◆ **ASSIGNMENT**
Scan the entries and copy each line where the word "ltnP" is present.

(Stored dataset items)
Lemma sum_binz_sub (K : int) (k s : nat) :
  \sum_(v < s.+1) binz (K - v%:Z) k = binz (K + 1) k.+1 - binz (K - s%:Z) k.+1.
Proof.
elim: s => [|s IHs]; first by rewrite big_ord1 subr0 binzS addrC addKr.
rewrite big_ord_recr /= IHs.
by rewrite (_ : K - s%:Z = K - s.+1%:Z + 1) ?binzS; [ring | lia].
Qed.

Lemma sum_alt_bin_diff (T : nat -> int) (k : nat) :
  \sum_(0 <= j < k.+1) (-1) ^+ j * ('C(k, j))%:Z * (T j - T j.+1) =
  \sum_(0 <= j < k.+2) (-1) ^+ j * ('C(k.+1, j))%:Z * T j.
Proof.
pose c (j : nat) : int := (-1) ^+ j * ('C(k, j))%:Z.
have shift : \sum_(0 <= j < k.+1) c j * T j = T 0%N + \sum_(0 <= j < k.+1) c j.+1 * T j.+1.
  rewrite big_nat_recl // /c expr0 bin0 mul1r; congr (_ + _); first exact: mul1r.
  by rewrite [RHS]big_nat_recr //= bin_small // mulr0 mul0r addr0.
have pascal : \sum_(0 <= j < k.+1) (-1) ^+ j.+1 * ('C(k.+1, j.+1))%:Z * T j.+1 =
    \sum_(0 <= j < k.+1) (c j.+1 * T j.+1 - c j * T j.+1).
  by apply: eq_bigr => j _; rewrite /c binS PoszD exprS; ring.
rewrite [RHS]big_nat_recl // expr0 bin0 !mul1r pascal sumrB addrA -shift -sumrB.
by apply: eq_bigr => j _; rewrite /c; ring.
Qed.

Section BoundedCompositions.
Variable t : nat.

Definition geom_poly : {poly int} := \sum_(v < t.+1) 'X^v.

(* The number of m-tuples in {0..t}^m with sum N. *)
Definition bounded_comp (m : nat) (N : int) : int :=
  if N is Posz k then (geom_poly ^+ m)`_k else 0.

Lemma bounded_comp_neg m (N : int) : N < 0 -> bounded_comp m N = 0.
Proof. by case: N. Qed.

Lemma coef_geom_poly j : geom_poly`_j = (j < t.+1)%:R.
Proof.
rewrite /geom_poly coef_sum; under eq_bigr do rewrite coefXn.
case: (ltnP j t.+1) => [lt_jt | le_tj].
  rewrite (bigD1 (Ordinal lt_jt)) //= eqxx big1 ?addr0 // => i.
  by rewrite -val_eqE eq_sym /= => /negbTE ->.
rewrite big1 // => i _; case: eqP => // eq_ij.
by move: (ltn_ord i); rewrite -eq_ij ltnNge le_tj.
Qed.

Lemma bounded_compS m (N : int) :
  bounded_comp m.+1 N = \sum_(v < t.+1) bounded_comp m (N - v%:Z).
Proof.
case: N => [n|n]; last first.
  by rewrite big1 // => v _; apply: bounded_comp_neg; rewrite NegzE; lia.
rewrite /= exprSr coefMr.
rewrite (eq_bigr (fun j : 'I_n.+1 => (geom_poly ^+ m)`_(n - j) * (j < t.+1)%:R));
  last by move=> j _; congr (_ * _); apply: coef_geom_poly.
rewrite (big_ord_widen (n + t).+1 (fun j => (geom_poly ^+ m)`_(n - j) * (j < t.+1)%:R));
  last by lia.
rewrite (big_ord_widen (n + t).+1 (fun j => bounded_comp m (n%:Z - j%:Z))); last by lia.
rewrite big_mkcond [RHS]big_mkcond /=; apply: eq_bigr => j _.
case: (ltnP j n.+1) => [lt_jn | le_nj]; case: (ltnP j t.+1) => lt_jt //=.
- by rewrite mulr1 subzn.
- by rewrite mulr0.
- by rewrite bounded_comp_neg //; lia.
Qed.

Lemma bounded_comp_sym m (N : int) : bounded_comp m N = bounded_comp m ((t * m)%:Z - N).
Proof.
elim: m N => [|m IHm] N.
  by rewrite muln0 sub0r; case: N => [[|n]|n] //=; rewrite ?expr0 ?coef1.
rewrite !bounded_compS (reindex_inj rev_ord_inj) /=; apply: eq_bigr => v _.
rewrite IHm; congr bounded_comp.
rewrite subnS -subn1 -subzn; last by have := ltn_ord v; lia.
by rewrite -subzn ?mulnS; [lia | exact: ltnW].
Qed.

Lemma bounded_comp_swap p q (N : int) :
  bounded_comp (p + q) ((t * q)%:Z + N) = bounded_comp (q + p) ((t * p)%:Z - N).
Proof. by rewrite bounded_comp_sym addnC; congr bounded_comp; rewrite mulnDr PoszD; ring. Qed.

Definition bounded_comp_ie (m : nat) (N : int) : int :=
  \sum_(0 <= j < m.+1) (-1) ^+ j * ('C(m, j))%:Z *
     binz (N - (t.+1)%:Z * j%:Z + m%:Z - 1) m.-1.

Lemma sum_bounded_comp_ie (k : nat) (N : int) :
  \sum_(v < t.+1) bounded_comp_ie k.+1 (N - v%:Z) = bounded_comp_ie k.+2 N.
Proof.
pose T (j : nat) := binz (N - (t.+1)%:Z * j%:Z + k.+1%:Z) k.+1.
rewrite /bounded_comp_ie exchange_big /=.
transitivity (\sum_(0 <= j < k.+2) (-1) ^+ j * ('C(k.+1, j))%:Z * (T j - T j.+1)).
  apply: eq_bigr => j _; rewrite -mulr_sumr; congr (_ * _).
  rewrite (eq_bigr (fun v : 'I_t.+1 => binz (N - (t.+1)%:Z * j%:Z + k%:Z - v%:Z) k)).
    rewrite sum_binz_sub /T; congr (binz _ _ - binz _ _).
      by rewrite -[k.+1]addn1 PoszD; ring.
    by rewrite -[j.+1]addn1 -[t.+1]addn1 -[k.+1]addn1 !PoszD; ring.
  by move=> v _; congr binz; rewrite -[k.+1]addn1 PoszD; ring.
rewrite sum_alt_bin_diff; apply: eq_bigr => j _; congr (_ * binz _ _).
by rewrite /T -[k.+2]addn1 -[k.+1]addn1 !PoszD; ring.
Qed.

Lemma bounded_comp_ieE k (N : int) : bounded_comp k.+1 N = bounded_comp_ie k.+1 N.
Proof.
elim: k N => [|k IHk] N; last first.
  by rewrite bounded_compS -sum_bounded_comp_ie; apply: eq_bigr => v _; rewrite IHk.
rewrite /bounded_comp_ie big_nat_recr //= big_nat_recr //= big_geq // add0r !binz0.
rewrite (_ : N - (t.+1)%:Z * 0%:Z + 1%:Z - 1 = N); last by ring.
rewrite (_ : N - (t.+1)%:Z * 1%:Z + 1%:Z - 1 = N - (t.+1)%:Z); last by ring.
rewrite expr0 expr1 !bin0 bin1 mul1r mulN1r mul1r.
case: N => [n|n]; last first.
  have /negbTE-> : ~~ (0 <= Negz n - (t.+1)%:Z) by rewrite -ltNge NegzE; lia.
  by rewrite subrr.
rewrite /= expr1 coef_geom_poly subr_ge0 lez_nat.
by case: (ltnP n t.+1); rewrite ?subr0 ?subrr.
Qed.

End BoundedCompositions.

Lemma Ffun_bounded_comp a b (c : int) t : (0 < a + b)%N ->
  Ffun a b c t = bounded_comp t (a + b) ((t * b)%:Z + c).
Proof.
move=> ab_gt0; rewrite -(prednK ab_gt0) bounded_comp_ieE prednK //.
by apply: eq_bigr => j _; congr (_ * binz _ _); rewrite -[t.+1]addn1 !PoszD PoszM; ring.
Qed.

(* Expand the product over k of sum_v Y^v (k < p) or sum_v X^v (k >= p)
   in {poly {poly int}} and compare coefficients of X^N2 Y^N1. *)
Lemma sum_ffun_split_sums t p q (N1 N2 : nat) :
  \sum_(x : {ffun 'I_(p + q) -> 'I_t.+1})
     (((\sum_(i < p) val (x (lshift q i)))%N == N1) &&
      ((\sum_(i < q) val (x (rshift p i)))%N == N2))%:R
  = bounded_comp t p N1 * bounded_comp t q N2.
Proof.
pose F (k : 'I_(p + q)) (v : 'I_t.+1) : {poly {poly int}} :=
  if (k < p)%N then ('X^v)%:P else 'X^v.
have prodF (x : {ffun 'I_(p + q) -> 'I_t.+1}) : \prod_k F k (x k) =
    ('X^(\sum_(i < p) val (x (lshift q i))))%:P * 'X^(\sum_(i < q) val (x (rshift p i))).
  rewrite big_split_ord /F /=; congr (_ * _).
    under eq_bigr => i _ do rewrite /= ltn_ord.
    by rewrite -rmorph_prod prodrXr.
  under eq_bigr => i _ do rewrite /= ltnNge leq_addr.
  by rewrite prodrXr.
have prod_sumF : \prod_k \sum_v F k v =
    (geom_poly t ^+ p)%:P * (map_poly polyC (geom_poly t)) ^+ q.
  rewrite big_split_ord /F /=; congr (_ * _).
    under eq_bigr => i _ do rewrite /= ltn_ord -rmorph_sum.
    by rewrite prodr_const card_ord polyC_exp.
  under eq_bigr => i _ do rewrite /= ltnNge leq_addr /=.
  rewrite prodr_const card_ord /geom_poly rmorph_sum; congr (_ ^+ _).
  by apply: eq_bigr => v _; symmetry; apply: map_polyXn.
have expand : \prod_k \sum_v F k v =
    \sum_(x : {ffun 'I_(p + q) -> 'I_t.+1}) \prod_k F k (x k) := bigA_distr_bigA F.
have := congr1 (fun P : {poly {poly int}} => P`_N2`_N1) expand.
rewrite prod_sumF -rmorphXn coefCM coef_map /= coefMC => ->.
rewrite !coef_sum; apply: eq_bigr => x _.
rewrite prodF coefCM coefXn mulr_natr coefMn coefXn [N1 == _]eq_sym [N2 == _]eq_sym.
by case: (_ == N1); case: (_ == N2).
Qed.

Lemma card_set_sum (T : finType) (P : pred T) :
  #|[set x | P x]| = (\sum_x nat_of_bool (P x))%N.
Proof.
by rewrite -sum1_card big_mkcond; apply: eq_bigr => x _; rewrite inE; case: (P x).
Qed.

Lemma card_prefix_sums t n p q (N1 N2 : nat) : n = (p + q)%N ->
  (#|[set x : {ffun 'I_n -> 'I_t.+1} | (prefix_sum (fun k => val (x k)) p == N1)
        && (prefix_sum (fun k => val (x k)) n == N1 + N2)%N]|)%:Z
  = bounded_comp t p N1 * bounded_comp t q N2.
Proof.
move=> ->; rewrite -sum_ffun_split_sums card_set_sum -natz natr_sum.
apply: eq_bigr => x _.
have -> : prefix_sum (fun k => val (x k)) p = (\sum_(i < p) val (x (lshift q i)))%N.
  rewrite /prefix_sum big_mkcond big_split_ord /= [X in (_ + X)%N]big1 ?addn0.
    by apply: eq_bigr => i _; rewrite ltn_ord.
  by move=> i _; rewrite ltnNge leq_addr.
rewrite prefix_sum_total // big_split_ord.
by case: eqP => [->|] //=; rewrite eqn_add2l.
Qed.

Lemma sum_nat_eq_shift (u s J : nat) :
  (\sum_(j < J) nat_of_bool (s == u + j))%N = nat_of_bool (u <= s < u + J)%N.
Proof.
elim: J => [|J IHJ]; first by rewrite big_ord0; lia.
by rewrite big_ord_recr /= IHJ; lia.
Qed.

Lemma prefix_condition_split (t a b d s T : nat) : (s <= T)%N -> (s <= t * (a + b))%N ->
  nat_of_bool ((t * b <= s) && (T == t * (b + d)))%N =
  (\sum_(j < (t * minn a d).+1)
      nat_of_bool ((s == t * b + j) && (T == (t * b + j) + (t * d - j))))%N.
Proof.
move=> le_sT le_s_ab.
have le_j (j : 'I_(t * minn a d).+1) : (j <= t * a)%N /\ (j <= t * d)%N.
  have := ltn_ord j; rewrite ltnS => le_jm.
  by split; apply: (leq_trans le_jm); rewrite leq_mul2l ?geq_minl ?geq_minr orbT.
case: (eqVneq T (t * b + t * d)%N) => [eq_T | neq_T].
  rewrite (eq_bigr (fun j : 'I__ => nat_of_bool (s == t * b + j)%N)); last first.
    by move=> j _; have [_ le_jd] := le_j j; rewrite eq_T (_ : _ + _ == _)%N ?andbT //; lia.
  rewrite sum_nat_eq_shift eq_T mulnDr eqxx andbT minnMr; congr nat_of_bool; lia.
rewrite big1 => [|j _]; last first.
  by have [_ le_jd] := le_j j; rewrite (_ : (T == _)%N = false) ?andbF //; apply/eqP; lia.
by rewrite mulnDr (negbTE neq_T) andbF.
Qed.

Lemma i_seq_blocks_card (R : realType) (a b c d t : nat) : (0 < t)%N ->
  i_seq R [:: a; b; c; d] t =
  #|[set x : {ffun 'I_(sumn [:: a; b; c; d]) -> 'I_t.+1} |
      (t * b <= prefix_sum (fun k => val (x k)) (a + b))%N &&
      (prefix_sum (fun k => val (x k)) (sumn [:: a; b; c; d]) == t * (b + d))%N]|.
Proof.
move=> t_gt0; apply: eq_card => x; rewrite !inE.
set n := sumn _.
have n_blocks : n = (a + b + c + d)%N by rewrite /n /=; lia.
have mem_S (k : 'I_n) : (k \in set_of_seq [:: a; b; c; d]) =
    ((a <= k < a + b) || (a + b + c <= k))%N.
  by rewrite inE nth_indicator_blocks // -n_blocks.
have x_le_t k : (val (x k) <= t)%N by rewrite -ltnS ltn_ord.
have polytope_blocks :=
  iff_trans (in_dilated_schubert_polytopeP R _ t_gt0 x_le_t)
            (prefix_conditions_blocks n_blocks mem_S x_le_t).
apply/idP/idP => [/asboolP/polytope_blocks[-> ->] | /andP[le_b /eqP eq_n]].
  by rewrite eqxx.
exact/asboolP/polytope_blocks.
Qed.

Lemma i_seq_blocks_sum (R : realType) (a b c d t : nat) : (0 < t)%N ->
  (i_seq R [:: a; b; c; d] t)%:Z =
  \sum_(j < (t * minn a d).+1)
     bounded_comp t (a + b) (t * b + j)%N%:Z * bounded_comp t (c + d) ((t * d)%:Z - j%:Z).
Proof.
move=> t_gt0; rewrite i_seq_blocks_card // card_set_sum.
set n := sumn _.
have n_split : n = ((a + b) + (c + d))%N by rewrite /n /=; lia.
rewrite (eq_bigr (fun x : {ffun 'I_n -> 'I_t.+1} => \sum_(j < (t * minn a d).+1)
      nat_of_bool ((prefix_sum (fun k => val (x k)) (a + b) == t * b + j) &&
        (prefix_sum (fun k => val (x k)) n == (t * b + j) + (t * d - j))))%N); last first.
  move=> x _; have x_le_t k : (val (x k) <= t)%N by rewrite -ltnS ltn_ord.
  apply: prefix_condition_split; first by apply: leq_prefix_sum; rewrite n_split leq_addr.
  by have := prefix_sum_lipschitz 0 (a + b) x_le_t; rewrite prefix_sum0 subn0.
rewrite (@exchange_big _ 0%N addn) /= -natz natr_sum; apply: eq_bigr => j _.
rewrite -card_set_sum natz (card_prefix_sums _ _ _ n_split) subzn //.
have := ltn_ord j; rewrite ltnS => /leq_trans; apply.
by rewrite leq_mul2l geq_minr orbT.
Qed.

Theorem mainTheorem7 (R : realType) (a b c d t : nat) :
  (0 < a)%N -> (0 < b)%N -> (0 < c)%N -> (0 < d)%N -> (0 < t)%N ->
  i_seq R [:: a; b; c; d] t = i_seq R [:: d; c; b; a] t /\
  ((i_seq R [:: a; b; c; d] t)%:Z =
     \sum_(0 <= j < (t * minn a d).+1) Ffun a b j%:Z t * Ffun c d (- j%:Z) t)%R.
Proof.
move=> a_gt0 b_gt0 c_gt0 d_gt0 t_gt0; split.
  apply/eqP; rewrite -eqz_nat !i_seq_blocks_sum // minnC; apply/eqP/eq_bigr => j _.
  by rewrite !PoszD [in LHS]bounded_comp_swap [in RHS]bounded_comp_swap mulrC.
rewrite i_seq_blocks_sum // big_mkord; apply: eq_bigr => j _.
by rewrite !Ffun_bounded_comp ?addn_gt0 ?a_gt0 ?c_gt0 // PoszD.
Qed.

◆ **OUTPUT**
case: (ltnP j t.+1) => [lt_jt | le_tj].
case: (ltnP j n.+1) => [lt_jn | le_nj]; case: (ltnP j t.+1) => lt_jt //=.
by case: (ltnP n t.+1); rewrite ?subr0 ?subrr.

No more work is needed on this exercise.